Peripheral Suppression of Arthritic Pain by Intraarticular Fadolmidine, an {alpha}2-Adrenoceptor Agonist, in the Rat

Osei B. Ansah, DVM, PhD, and Antti Pertovaara, MD, PhD

From the Biomedicum Helsinki, Institute of Biomedicine/Physiology, University of Helsinki, Helsinki, Finland.

Address correspondence and reprint requests to A. Pertovaara, MD, PhD, Biomedicum Helsinki, Institute of Biomedicine/Physiology, POB 63, University of Helsinki, FIN-00014 Helsinki, Finland. Address e-mail to antti.pertovaara{at}helsinki.fi.

Abstract

BACKGROUND: Earlier results suggest that peripheral {alpha}2-adrenoceptors and opioid receptors may reduce arthritic pain. Fadolmidine is a highly selective {alpha}2-adrenoceptor agonist that has only limited central access after peripheral administration. We assessed the peripheral antinociceptive properties of fadolmidine and the potential contribution of peripheral opioid receptors to its antinociceptive effect in experimental monoarthritis.

METHODS: After induction of monoarthritis in the knee joints of rats, we determined the frequency of vocalization induced by repetitive movement of the knee joint. Fadolmidine and clonidine were administered intraarticularly ipsi- or contralateral to the inflamed joint. Reversal of the fadolmidine-induced effect was attempted with subcutaneous (s.c.) administration of atipamezole, an {alpha}2-adrenoceptor antagonist, and intraarticular administration of naloxone methiodide, an opioid receptor antagonist that does not penetrate the blood–brain barrier.

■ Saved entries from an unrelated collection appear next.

(* For each $s\in S_n$ and $w\in S_n$, the action of $s$ on the Schubert class $[\Omega_w]\in H^*_T(G/B)$ has the form $$s\cdot[\Omega_w]=[\Omega_w]+\sum_{v<w}c_v[\Omega_v]$$ for some polynomials $c_v\in\mathbb{C}[t_1,\ldots,t_n]$, where each nonzero $c_v$ has degree $\ell(w)-\ell(v)$.
   Context: Let $G=GL_n(\mathbb{C})$, $B$ (resp. $B^-$) the invertible upper- (resp. lower-) triangular matrices, and $T$ the diagonal torus. Permutations are identified with permutation matrices via $we_i=e_{w(i)}$, and $s_{jk}$ is the transposition of $j,k$. The Bruhat order is $v\le w$ iff $BvB/B\subseteq\overline{BwB/B}$. $\mathrm{Inv}(w)=\{t_i-t_j:i<j,\ w^{-1}(i)>w^{-1}(j)\}$ and $\ell(w)=|\mathrm{Inv}(w)|$. In GKM form, $H^*_T(G/B)$ is the ring of tuples $(p_u)_{u\in S_n}$, $p_u\in\mathbb{C}[t_1,\ldots,t_n]$, with $p_u-p_{s_{jk}u}\in\langle t_j-t_k\rangle$ for all $u$ and $j<k$. $S_n$ acts on polynomials by $(u\cdot f)(t_1,\ldots,t_n)=f(t_{u(1)},\ldots,t_{u(n)})$ and on $H^*_T(G/B)$ by $(u\cdot p)_v=u\cdot p_{u^{-1}v}$. The Schubert class $[\Omega_v]=(p^v_u)_u$ is the equivariant class of $\overline{B^-vB/B}$; equivalently, it is the unique class with $p^v_u=0$ unless $u\ge v$, each nonzero $p^v_u$ homogeneous of degree $\ell(v)$, and $p^v_v=\prod_{\beta\in\mathrm{Inv}(v)}\beta$. The Schubert classes form a $\mathbb{C}[t_1,\ldots,t_n]$-basis of $H^*_T(G/B)$. *)

From HB Require Import structures.
From mathcomp Require Import all_boot all_order all_algebra all_fingroup.
From mathcomp Require Import multinomials.mpoly.
From mathcomp Require Import complex.
From mathcomp Require Import reals.

Set Implicit Arguments.
Unset Strict Implicit.
Unset Printing Implicit Defensive.

Import Order.TTheory GRing.Theory Num.Theory.
Local Open Scope ring_scope.

(* S_n is 'S_n, permutations of the index set 'I_n = {0,..,n-1}
   (0-based version of {1,..,n}); the variable t_i is 'X_i.
   Composition of permutations a o b (first b, then a) is written pcomp a b;
   note mathcomp's product satisfies (b * a)%g x = a (b x). *)
Definition pcomp (n : nat) (a b : 'S_n) : 'S_n := (b * a)%g.

(* The coefficient ring C[t_1,...,t_n], with C = R[i] for a real field R
   of type realType (i.e. C = the complex numbers). *)
Definition Cpoly (R : realType) (n : nat) := {mpoly (complex R)[n]}.

(* Bruhat order on permutation matrices (w e_i = e_{w(i)}, B upper
   triangular): v <= w iff for all p, q,
     #{ j < q | v(j) >= p } <= #{ j < q | w(j) >= p }
   (rank conditions on the south-west submatrices). *)
Definition bruhat_le (n : nat) (v w : 'S_n) : bool :=
  [forall p : 'I_n.+1, forall q : 'I_n.+1,
     #|[set j : 'I_n | (j < q)%N && (p <= v j)%N]|
       <= #|[set j : 'I_n | (j < q)%N && (p <= w j)%N]| ]%N.

Definition bruhat_lt (n : nat) (v w : 'S_n) : bool :=
  (v != w) && bruhat_le v w.

(* Inv(w) = { t_i - t_j : i < j, w^-1(i) > w^-1(j) }, indexed by pairs. *)
Definition inv_pair (n : nat) (w : 'S_n) (ij : 'I_n * 'I_n) : bool :=
  (ij.1 < ij.2)%N && ((w^-1)%g ij.2 < (w^-1)%g ij.1)%N.

Definition len (n : nat) (w : 'S_n) : nat := #|[set ij | inv_pair w ij]|.

Definition inv_prod (R : realType) (n : nat) (w : 'S_n) : Cpoly R n :=
  \prod_(ij | inv_pair w ij) ('X_ij.1 - 'X_ij.2).

(* Action of u on polynomials: (u.f)(t_1,..,t_n) = f(t_{u(1)},..,t_{u(n)}),
   i.e. substitute t_i := t_{u(i)}; this is mpoly's msym. *)
Definition poly_act (R : realType) (n : nat) (u : 'S_n) (f : Cpoly R n)
  : Cpoly R n := msym u f.

(* GKM presentation: tuples (p_u)_{u in S_n}. *)
Definition mdivides (R : realType) (n : nat) (d f : Cpoly R n) : Prop :=
  exists g : Cpoly R n, f = g * d.

Definition is_gkm_class (R : realType) (n : nat) (p : 'S_n -> Cpoly R n)
  : Prop :=
  forall (u : 'S_n) (j k : 'I_n), (j < k)%N ->
    mdivides ('X_j - 'X_k) (p u - p (pcomp (tperm j k) u)).

Definition class_act (R : realType) (n : nat) (u : 'S_n)
  (p : 'S_n -> Cpoly R n) : 'S_n -> Cpoly R n :=
  fun v => poly_act u (p (pcomp (u^-1)%g v)).

(* The Schubert class [Omega_v], via its characterization: the class
   supported on {u >= v}, with each nonzero component homogeneous of
   degree l(v), and p_v = prod_{beta in Inv(v)} beta. *)
Definition is_schubert_class (R : realType) (n : nat) (v : 'S_n)
  (p : 'S_n -> Cpoly R n) : Prop :=
  [/\ is_gkm_class p,
      (forall u, ~~ bruhat_le v u -> p u = 0),
      (forall u, p u != 0 -> p u \is (len v).-homog)
    & p v = inv_prod R v].

From Pilot Require Import Defs.
From HB Require Import structures.
From mathcomp Require Import all_boot all_order all_algebra all_fingroup.
From mathcomp Require Import multinomials.mpoly.
From mathcomp Require Import complex.
From mathcomp Require Import reals.
From mathcomp Require Import zify ring.

(* The heart is a simple transposition s = (j j+1), with root a = t_j - t_{j+1}.
   The GKM conditions make a divide s.[Omega_w] - [Omega_w], and the quotient r
   is again a GKM class, of degree l(w) - 1, supported on the u with w <= u or
   w <= u s. A GKM class of degree d supported on permutations of length > d
   is zero: at a support point x of minimal length, all l(x) roots of Inv(x)
   divide its value. As Bruhat order strictly increases length, this kills r
   when l(w s) > l(w), and otherwise makes r a constant multiple of
   [Omega_{w s}]. Triangularity with homogeneous coefficients is stable under
   products, and transpositions are products of simple ones. *)

Set Implicit Arguments.
Unset Strict Implicit.
Unset Printing Implicit Defensive.

Import GRing.Theory.
Local Open Scope ring_scope.

(** * Bruhat order and length *)

Section BruhatOrder.
Variable n : nat.
Implicit Types (u v w x : 'S_n) (a b j k : 'I_n).

Definition in_sw (p q i y : nat) : bool := (i < q)%N && (p <= y)%N.

Definition sw_rank v (p q : nat) : nat := #|[set j : 'I_n | in_sw p q j (v j)]|.

Lemma sw_rankE v p q : sw_rank v p q = (\sum_(j : 'I_n) in_sw p q j (v j))%N.
Proof.
rewrite /sw_rank -sum1_card big_mkcond /=.
by apply: eq_bigr => j _; rewrite inE; case: in_sw.
Qed.

Lemma sw_rank_min v p q : sw_rank v p q = sw_rank v (minn p n) (minn q n).
Proof.
apply: eq_card => j; rewrite !inE /in_sw leq_min geq_min.
by rewrite ltn_ord [(n <= _)%N]leqNgt ltn_ord andbT orbF.
Qed.

Lemma bruhat_leP v w :
  reflect (forall p q, sw_rank v p q <= sw_rank w p q)%N (bruhat_le v w).
Proof.
apply: (iffP forallP) => [vw p q | vw p]; last by apply/forallP => q; apply: vw.
rewrite [sw_rank v _ _]sw_rank_min [sw_rank w _ _]sw_rank_min.
have pn : (minn p n < n.+1)%N by rewrite ltnS geq_minr.
have qn : (minn q n < n.+1)%N by rewrite ltnS geq_minr.
by move/forallP: (vw (Ordinal pn)) => /(_ (Ordinal qn)).
Qed.

Lemma bruhat_le_trans x v w : bruhat_le v x -> bruhat_le x w -> bruhat_le v w.
Proof.
move=> /bruhat_leP vx /bruhat_leP xw; apply/bruhat_leP => p q.
exact: leq_trans (vx p q) (xw p q).
Qed.

Lemma len_le v : (len v <= n * n)%N.
Proof. by rewrite /len (leq_trans (max_card _)) // card_prod card_ord. Qed.

Lemma invM_tperm x j k z : ((x * tperm j k)^-1)%g z = (x^-1)%g (tperm j k z).
Proof. by rewrite invMg permM tpermV. Qed.

Lemma inv_pair_mul_tperm x j k : (j < k)%N ->
  Defs.inv_pair (x * tperm j k)%g (j, k) = ~~ Defs.inv_pair x (j, k).
Proof.
move=> jk; rewrite /Defs.inv_pair /= !invM_tperm tpermL tpermR jk /=.
have : (x^-1)%g k != (x^-1)%g j by rewrite (inj_eq perm_inj) -val_eqE /=; lia.
rewrite -val_eqE /=; lia.
Qed.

RESULTS: Fadolmidine produced a dose-dependent attenuation of the vocalization response to movement of the inflamed knee joint, and this effect was significantly stronger after ipsi- than contralateral drug administration. Clonidine also produced a dose-dependent attenuation of the vocalization response, but this effect was not significantly different after ipsi- versus contralateral drug administration. Fadolmidine-induced antinociception was reversed by s.c. administration of atipamezole. Furthermore, intraarticular administration of naloxone methiodide into the inflamed, but not the contralateral, joint reversed the antinociceptive effect of fadolmidine independent of whether fadolmidine was administered into the inflamed or contralateral joint.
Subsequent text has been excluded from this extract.